Healthy is a matter of perspective
But what does healthy mean? Most of the time, healthy refers to a number of non-functional proporties:
- performance latency, response time
- security vulnerabilities, data integrity, regulatory compliance
- reliability number and kind of errors, availability
- capacity resource consumption for given load, scaling headroom, constraints
- cost per user, per app, per container, transaction
Often, these different qualitative proporties are monitored separately. Different teams are responsible for only one of these each, and they’ll use their own isolated set of tools giving them a narrow view of their environment to monitor only what their specific responsibility is.
So we see that healthy can mean many things to different people, and applications can be healthy from one perspective, but unhealthy from another.
The cloud-native visibility gap
This problem of monitoring and different forms of health is exacerbated by ephemeral containers and the often complex and large mesh of services working together to form an actual application. I’ll explain why.
Containers tend to be very short-lived, running for only seconds or minutes and then disappearing completely. How do you monitor the health of something that exists only temporary, and is tied into any number of other containers? How do you even know which containers interact with each other to form a customer-facing application?

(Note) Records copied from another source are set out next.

(* Either some vertex extends Z alone, or by
   [one_vertex_extension] every outside vertex is uniform or a clone. *)
Lemma prime_grows : Z \proper W -> exists Z', small_prime_ext W Z Z'.
Proof.
move=> ZpW.
case: (boolP [exists u in W :\: Z, prime_set (u |: Z)]).
  by case/existsP => u; rewrite !inE => /andP[/andP[uZ uW] pu]; apply: (small_ext1 uW).
rewrite negb_exists => /forallP HN.
have cls u : u \in W -> u \notin Z -> uniform_on u Z \/ exists2 x, x \in Z & clone_of x u Z.
  by move=> uW uZ; apply: one_vertex_extension => //; have := HN u; rewrite !inE uZ uW.
case: (boolP [exists v in W :\: Z, [forall z in Z, forall z' in Z, e v z == e v z']]).
  case/existsP => v; rewrite inE => /andP[/andP[vZ vW] /forallP Hv].
  apply: (grow_uniform vW vZ _ cls) => z z' zZ z'Z.
  by have := Hv z; rewrite zZ => /forallP/(_ z'); rewrite z'Z => /eqP.
rewrite negb_exists => /forallP HU; apply: grow_clones => // u uW uZ.
case: (cls u uW uZ) => // uu; have := HU u; rewrite !inE uZ uW /= => /negP; case.
apply/forallP => z; apply/implyP => zZ; apply/forallP => z'; apply/implyP => z'Z.
by apply/eqP; apply: uu.
Qed.

End Grow.

Lemma prime_grow_to k W Z : prime_set W -> k < #|W| -> prime_set Z -> Z \subset W ->
  exists Z', [/\ Z' \subset W, prime_set Z', k < #|Z'| & #|Z'| <= maxn #|Z| k.+2].
Proof.
move=> pW kW; move: {2}(#|W| - #|Z|) (leqnn (#|W| - #|Z|)) => n.
elim: n Z => [|n IH] Z cn pZ ZW;
  (case: (ltnP k #|Z|) => kZ; first by exists Z; split => //; rewrite leq_maxl);
  have cZW := subset_leq_card ZW; first by exfalso; lia.
have ZpW : Z \proper W.
  by rewrite properEcard ZW; lia.
have [Z1 [ZZ1 Z1W pZ1 c2 c3]] := prime_grows pW pZ ZW ZpW.
have [Z' [Z'W pZ' kZ' cZ']] : exists Z', [/\ Z' \subset W, prime_set Z', k < #|Z'|
    & #|Z'| <= maxn #|Z1| k.+2].
  by apply: IH => //; have := subset_leq_card Z1W; lia.
exists Z'; split => //; apply: (leq_trans cZ'); rewrite geq_max leq_maxr andbT.
by apply: leq_trans c3 _; apply: leq_trans (leq_maxr _ _); lia.
Qed.

(* A prime set with more than k vertices contains a prime set with between
   k + 1 and k + 4 vertices: grow from a prime set of at most 4 vertices. *)
Lemma prime_shrink W k : prime_set W -> k < #|W| ->
  exists Z, [/\ Z \subset W, prime_set Z, k < #|Z| & #|Z| <= k + 4].
Proof.
move=> pW kW; have [Z0 [Z0W pZ0 c0]] := prime_small_subset pW.
have [Z' [Z'W pZ' kZ' cZ']] := prime_grow_to pW kW pZ0 Z0W.
exists Z'; split => //; apply: (leq_trans cZ'); rewrite geq_max; apply/andP; split; lia.
Qed.

End PrimeSets.
Section Decomposition.
Variables (T : finType) (e : rel T).
Hypothesis esym : symmetric e.
Implicit Types M N C X Y A B : {set T}.

Lemma moduleE M : module e M = rmodule e setT M.
Proof.
apply/idP/idP.
  move=> /forallP H; apply/rmoduleP; split; first exact: subsetT.
  move=> x y z _ xM yM zM; have := H x; rewrite xM /= => /orP[] /forallP Hx.
    by have := Hx y; have := Hx z; rewrite yM zM /= => -> ->.
  by have := Hx y; have := Hx z; rewrite yM zM /= => /negbTE-> /negbTE->.
move=> /rmoduleP[_ H]; apply/forallP => x; apply/implyP => xM.
case: (boolP [forall y in M, e x y]) => //= /forallPn[y1]; rewrite negb_imply => /andP[y1M nxy1].
apply/forallP => y; apply/implyP => yM.
by rewrite (H x y y1) // in_setT.
Qed.

Lemma moduleP M : reflect (forall x y z, x \notin M -> y \in M -> z \in M -> e x y = e x z)
  (module e M).
Proof.
rewrite moduleE; apply: (iffP (rmoduleP _ _ _)) => [[_ H] x y z|H].
  by apply: H; rewrite in_setT.
by split; [apply: subsetT | move=> x y z _; apply: H].
Qed.

Lemma strongT : strong e setT.
Proof.
apply/andP; split; first by apply/moduleP => x y z; rewrite in_setT.
by apply/forallP => M; apply/implyP => _; rewrite /overlap subsetT !andbF.
Qed.

Lemma strong1 x : strong e [set x].
Proof.
apply/andP; split.
  by apply/moduleP => p y z _; rewrite !inE => /eqP-> /eqP->.
apply/forallP => M; apply/implyP => _; rewrite /overlap sub1set.
case: (boolP (x \in M)) => xM /=; first by rewrite andbF.
rewrite (_ : [set x] :&: M = set0) ?eqxx //.
by apply/setP => y; rewrite !inE; apply/negP => /andP[/eqP-> ]; rewrite (negbTE xM).
Qed.

Lemma strong_module M : strong e M -> module e M.
Proof. by case/andP. Qed.

Lemma strong_nested M M' u : strong e M -> module e M' -> u \in M -> u \in M' ->
  (M \subset M') \/ (M' \subset M).
Proof.
case/andP => _ /forallP/(_ M') + mM' uM uM'; rewrite mM' /overlap /= => H.
have I0 : M :&: M' != set0 by apply/set0Pn; exists u; rewrite inE uM uM'.
by move: H; rewrite I0 /= negb_and !negbK => /orP[]; [left | right].
Qed.

Lemma mchildP N C : reflect [/\ strong e C, C \proper N &
   forall M', strong e M' -> M' \proper N -> C \subset M' -> M' = C] (mchild e N C).
Proof.
apply: (iffP and3P) => [[H1 H2 /forallP H3]|[H1 H2 H3]]; split => //.
  by move=> M' sM' pM' CM'; have := H3 M'; rewrite sM' pM' CM' /= => /eqP.
apply/forallP => M'; apply/implyP => /andP[/andP[sM' pM'] CM'].
by apply/eqP; apply: H3.
Qed.

Lemma child_sub N C : mchild e N C -> C \subset N.
Proof. by case/mchildP => _ /properP[]. Qed.

Lemma child_disj N C1 C2 u : mchild e N C1 -> mchild e N C2 -> u \in C1 -> u \in C2 -> C1 = C2.
Proof.
move=> /mchildP[s1 p1 m1] /mchildP[s2 p2 m2] u1 u2.
by case: (strong_nested s1 (strong_module s2) u1 u2) => H; [symmetry; apply: m1 | apply: m2].
Qed.

Lemma children_disjoint N C1 C2 : mchild e N C1 -> mchild e N C2 -> C1 != C2 ->
  C1 :&: C2 = set0.
Proof.
move=> m1 m2 C12; apply/setP => u; rewrite !inE; apply/negP => /andP[u1 u2].
by move: C12; rewrite (child_disj m1 m2 u1 u2) eqxx.
Qed.

(* The child of N containing u (set0 if there is none). *)
Definition child_of N (u : T) : {set T} := odflt set0 [pick C | mchild e N C && (u \in C)].

(* Every vertex of an internal node lies in a child: a largest strong proper
   submodule containing {u}. *)
Lemma child_ofP N u : 1 < #|N| -> u \in N -> mchild e N (child_of N u) && (u \in child_of N u).
Proof.
move=> cN uN; rewrite /child_of; case: pickP => [C //|none].
have p1 : [set u] \proper N.
  apply/properP; split; first by rewrite sub1set.
  case/card_gt1P: cN => a [b [aN bN ab]].
  case: (eqVneq a u) => [E|au]; last by exists a; rewrite // inE.
  by exists b; rewrite // inE -E eq_sym.
case: (arg_maxnP (fun M => #|M|) (i0 := [set u])
   (P := fun M => [&& strong e M, M \proper N & u \in M])).
  by rewrite strong1 p1 inE eqxx.
move=> C /and3P[sC pC uC] Cmax; move: (none C); rewrite uC andbT => /negP[].
apply/mchildP; split => // M' sM' pM' CM'.
apply/eqP; rewrite eq_sym eqEcard CM' /=.
by apply: Cmax; rewrite sM' pM' (subsetP CM').
Qed.
(* Let $1\leq c\leq d$ be integers with $c\equiv i\pmod 5$, $d\equiv j\pmod 5$, $0\le i,j\le 4$, and let $a$ be one of the values $a_{ij}$ listed below (with $a_{ij}:=a_{ji}$ when $i>j$): $(0,0)\!:1,2,3,4$; $(0,1)\!:2,3,4$; $(0,2)\!:1,3,4$; $(0,3)\!:1,2,4$; $(0,4)\!:1,2,3$; $(1,1)\!:3,4$; $(1,2)\!:4$; $(1,3)\!:2$; $(1,4)\!:2,3$; $(2,2)\!:1,3$; $(2,3)\!:1,4$; $(2,4)\!:3$; $(3,3)\!:2,4$; $(3,4)\!:1$; $(4,4)\!:1,2$. Then for every $n\ge 0$ and every $0\le k\le 4$, \[ N_{[c,d]}(k,5,5n+a)=\frac{p_{[c^2d^2]}(5n+a)}{5}, \] and in particular $p_{[c^2d^2]}(5n+a)\equiv 0\pmod 5$.
   Context: A 4-colored partition of type $(c,d)$ of $n$ is a quadruple $(\pi_r,\pi_b,\pi_y,\pi_o)$ of ordinary partitions with total sum of parts $n$, such that all parts of $\pi_r,\pi_b$ are divisible by $c$ and all parts of $\pi_y,\pi_o$ are divisible by $d$. Their number is $p_{[c^2d^2]}(n)$, i.e. $\sum_n p_{[c^2d^2]}(n)q^n=\prod_{k\ge1}(1-q^{ck})^{-2}(1-q^{dk})^{-2}$. The 4-colored rank is $r_4=\ell(\pi_r)-\ell(\pi_b)+\ell(\pi_y)-\ell(\pi_o)$, where $\ell$ is the number of parts. $N_{[c,d]}(k,5,n)$ denotes the number of 4-colored partitions of $n$ of type $(c,d)$ with $r_4\equiv k\pmod 5$. *)

From mathcomp Require Import all_boot all_algebra.
Set Implicit Arguments. Unset Strict Implicit. Unset Printing Implicit Defensive.
Import GRing.Theory Num.Theory.

(* An ordinary partition whose parts are all <= N (and with at most N parts of
   each size) is encoded by its multiplicity function:
   mult i = number of parts equal to i.+1.  Every partition of any m <= N
   is faithfully represented in this type. *)
Definition mpart (N : nat) := {ffun 'I_N -> 'I_N.+1}.

Definition psum N (m : mpart N) : nat := \sum_(i < N) i.+1 * m i.
Definition plen N (m : mpart N) : nat := \sum_(i < N) (m i : nat).
Definition pdiv N (c : nat) (m : mpart N) : bool :=
  [forall i : 'I_N, (0 < m i) ==> (c %| i.+1)].

Definition quad N := (mpart N * mpart N * mpart N * mpart N)%type.
Definition q_r N (q : quad N) := q.1.1.1.
Definition q_b N (q : quad N) := q.1.1.2.
Definition q_y N (q : quad N) := q.1.2.
Definition q_o N (q : quad N) := q.2.

Definition colored4 (c d n : nat) : {set quad n} :=
  [set q : quad n | [&& pdiv c (q_r q), pdiv c (q_b q), pdiv d (q_y q),
     pdiv d (q_o q) &
     psum (q_r q) + psum (q_b q) + psum (q_y q) + psum (q_o q) == n]].

Definition rank4 N (q : quad N) : int :=
  ((plen (q_r q))%:Z - (plen (q_b q))%:Z + (plen (q_y q))%:Z
   - (plen (q_o q))%:Z)%R.

Definition p_c2d2 (c d n : nat) : nat := #|colored4 c d n|.

Definition N_cd (c d k n : nat) : nat :=
  #|[set q in colored4 c d n | (rank4 q == k%:Z %[mod 5])%Z]|.

Definition a_tbl (i j : nat) : seq nat :=
  match i, j with
  | 0, 0 => [:: 1; 2; 3; 4]
  | 0, 1 => [:: 2; 3; 4]
  | 0, 2 => [:: 1; 3; 4]
  | 0, 3 => [:: 1; 2; 4]
  | 0, 4 => [:: 1; 2; 3]
  | 1, 1 => [:: 3; 4]
  | 1, 2 => [:: 4]
  | 1, 3 => [:: 2]
  | 1, 4 => [:: 2; 3]
  | 2, 2 => [:: 1; 3]
  | 2, 3 => [:: 1; 4]
  | 2, 4 => [:: 3]
  | 3, 3 => [:: 2; 4]
  | 3, 4 => [:: 1]
  | 4, 4 => [:: 1; 2]
  | _, _ => [::]
  end.

Definition a_vals (i j : nat) : seq nat :=
  if i <= j then a_tbl i j else a_tbl j i.

(** Weight a 4-colored partition by z^(r_4), z a primitive fifth root of unity.
    The generating function is F_c F_d, where
    F_c = prod_(c | m) 1/((1 - z q^m)(1 - z^-1 q^m))
        = prod_(c | m) (1 - q^m)(1 - z^2 q^m)(1 - z^3 q^m) / (1 - q^(5m)).
    By the Jacobi triple product, prod_(m >= 1) (1 - q^m)(1 - z^2 q^m)(1 - z^3 q^m)
    is a constant times sum_j (-z^2)^j q^(j(j+1)/2). Triangular numbers are 0, 1 or
    3 mod 5, and the terms with exponent 3 mod 5 cancel in pairs j, -1-j, so only
    exponents 0 and 1 mod 5 survive. Hence F_c only has exponents 0 and c mod 5,
    and F_c F_d has no term q^(5n+a) when a avoids {0, c, d, c+d} mod 5. This holds
    for each of the four primitive fifth roots, so finite Fourier inversion shows
    that the five residue classes of r_4 are equinumerous. *)

From Pilot Require Import Defs.
From mathcomp Require Import all_boot all_algebra all_field.
From mathcomp Require Import zify ring.
Import GRing.Theory Num.Theory.

Set Implicit Arguments.
Unset Strict Implicit.
Unset Printing Implicit Defensive.

Local Open Scope ring_scope.

(** * Truncated power series *)

Section EqUpto.
Variable R : nzRingType.
Implicit Types (p q r s : {poly R}) (n : nat).

(* Power series are represented by polynomials and compared up to degree n. *)
Definition eq_upto n p q := forall m, (m <= n)%N -> p`_m = q`_m.

Lemma eq_upto_sym n p q : eq_upto n p q -> eq_upto n q p.
Proof. by move=> epq m lemn; rewrite epq. Qed.

Lemma eq_upto_trans n p q r : eq_upto n p q -> eq_upto n q r -> eq_upto n p r.
Proof. by move=> epq eqr m lemn; rewrite epq ?eqr. Qed.

Lemma eq_uptoM n p p' q q' :
  eq_upto n p p' -> eq_upto n q q' -> eq_upto n (p * q) (p' * q').
Proof.
move=> ep eq m lemn; rewrite !coefM; apply: eq_bigr => i _.
have lein : (i <= n)%N by rewrite (leq_trans _ lemn) // -ltnS.
by rewrite ep // eq // (leq_trans (leq_subr _ _) lemn).
Qed.

Lemma eq_uptoZ n c p p' : eq_upto n p p' -> eq_upto n (c *: p) (c *: p').
Proof. by move=> ep m lemn; rewrite !coefZ ep. Qed.

Lemma eq_upto_sum n (I : Type) (r : seq I) (P : pred I) (F G : I -> {poly R}) :
  (forall i, P i -> eq_upto n (F i) (G i)) ->
  eq_upto n (\sum_(i <- r | P i) F i) (\sum_(i <- r | P i) G i).
Proof.
move=> eFG; apply: big_ind2 => // p p' q q' ep eq m lemn.
by rewrite !coefD ep ?eq.
Qed.

Lemma eq_upto_prod n (I : Type) (r : seq I) (P : pred I) (F G : I -> {poly R}) :
  (forall i, P i -> eq_upto n (F i) (G i)) ->
  eq_upto n (\prod_(i <- r | P i) F i) (\prod_(i <- r | P i) G i).
Proof. by move=> eFG; apply: big_ind2 => // *; apply: eq_uptoM. Qed.

Lemma eq_upto_XnM n k p : (n < k)%N -> eq_upto n ('X^k * p) 0.
Proof. by move=> ltnk m lemn; rewrite coefXnM coef0 (leq_ltn_trans lemn ltnk). Qed.

Lemma eq_upto_addXnM n k p q : (n < k)%N -> eq_upto n (p + 'X^k * q) p.
Proof. by move=> ltnk m lemn; rewrite coefD (eq_upto_XnM _ ltnk) // coef0 addr0. Qed.

Lemma eq_upto_mul0 n p r : p`_0 = 1 -> eq_upto n (p * r) 0 -> eq_upto n r 0.
Proof.
move=> p0_1 epr; elim: n => [|n IHn] in epr * => m.
  by rewrite leqn0 => /eqP->; have := epr 0%N isT; rewrite coef0M p0_1 mul1r.
have IHr : eq_upto n r 0 by apply: IHn => k /leqW; apply: epr.
rewrite leq_eqVlt ltnS => /predU1P[->|]; last exact: IHr.
have := epr n.+1 (leqnn _); rewrite coefMr big_ord_recr /= subnn p0_1 mul1r.
by rewrite big1 ?add0r // => i _; rewrite IHr ?coef0 ?mulr0 // -ltnS.
Qed.

Lemma eq_upto_cancel n p r s :
  p`_0 = 1 -> eq_upto n (p * r) (p * s) -> eq_upto n r s.
Proof.
move=> p0_1 eprs; suff ers0 : eq_upto n (r - s) 0.
  by move=> m lemn; apply/eqP; rewrite -subr_eq0 -coefB ers0 ?coef0.
by apply: (eq_upto_mul0 p0_1) => m lemn; rewrite mulrBr coefB eprs ?subrr ?coef0.
Qed.

Lemma eq_upto_prod_ord n M (F : nat -> {poly R}) :
  (n <= M)%N -> (forall k, (n <= k)%N -> eq_upto n (F k) 1) ->
  eq_upto n (\prod_(k < M) F k) (\prod_(k < n) F k).
Proof.
move=> lenM eF1; rewrite -(subnKC lenM); elim: (M - n)%N => [|d IHd].
  by rewrite addn0.
rewrite addnS big_ord_recr /= -[X in eq_upto _ _ X]mulr1.
by apply: eq_uptoM => //; apply/eF1/leq_addr.
Qed.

With different, isolated, sets of monitoring tools and the ephemeral and numerous characteristics of containers, monitoring becomes very difficult, and observing security and performance events needs to accommodate for this. How do you do forensics if your monitoring system does not keep track of historical containers and telemetry?
Closing the gap
Observing from the kernel
To achieve monitoring for both ephemeral and disparate container workloads, Sysdig uses an innovative approach on data collection. Instead of modifying application code (instrumentation, like OpenTracing) or doubling the container count (adding a sidecar to each container), they use eBPF, an Linux-native in-kernel virtual machine that captures runtime telemetry (not unlike how a network analyzer captures network packets) and forwards it to the Sysdig analytics platform.
This allows Sysdig to analyze thousands of microservices running in containers without missing any containers, and without missing any telemetry. They can reconstruct which containers make up an application by looking at container-to-container interaction and analyze the inter-container traffic for performance and security analysis.
The analytics platform is built for cloud-native workloads, meaning that it understands that containers come and go in flock, that they’re part of a bigger whole and that you need all that contextual information to do monitoring and post-mortem forensics.
Unifying the view
Sysdig closes the visibility gaps by offering a single, unified view for performance metrics, compliance dashboards and security events to be used across teams. This helps teams highlight the events and containers that have performance or security and compliance issues that need immediate attention.
Sysdig Monitor provides the run-time monitoring, dashboarding, alerting and trace-driven troubleshooting. Monitor uses the open source sysdig tool.
Sysdig Secure is the security part of the equation with vulnerability management, compliance (250+ out-of-the-box compliance checks), runtime security, anomaly detection and forensics for post-mortem improvements. Sysdig Secure uses the open source Falco, Inspect and Anchore tools.
Sysdig is not just for production. In addition, it helps developers by trying to catch faults (like known security vulnerabilities) before they even make it to production. This reduces production issues and lets developers treat their containers as artifacts.
Sysdig’s enterprise offering is a complete set of monitoring and security features, pulled into a single overview. Here, developers, security and operations teams share a common, complete view of reality to optimize performance, reduce risk and improve recovery time.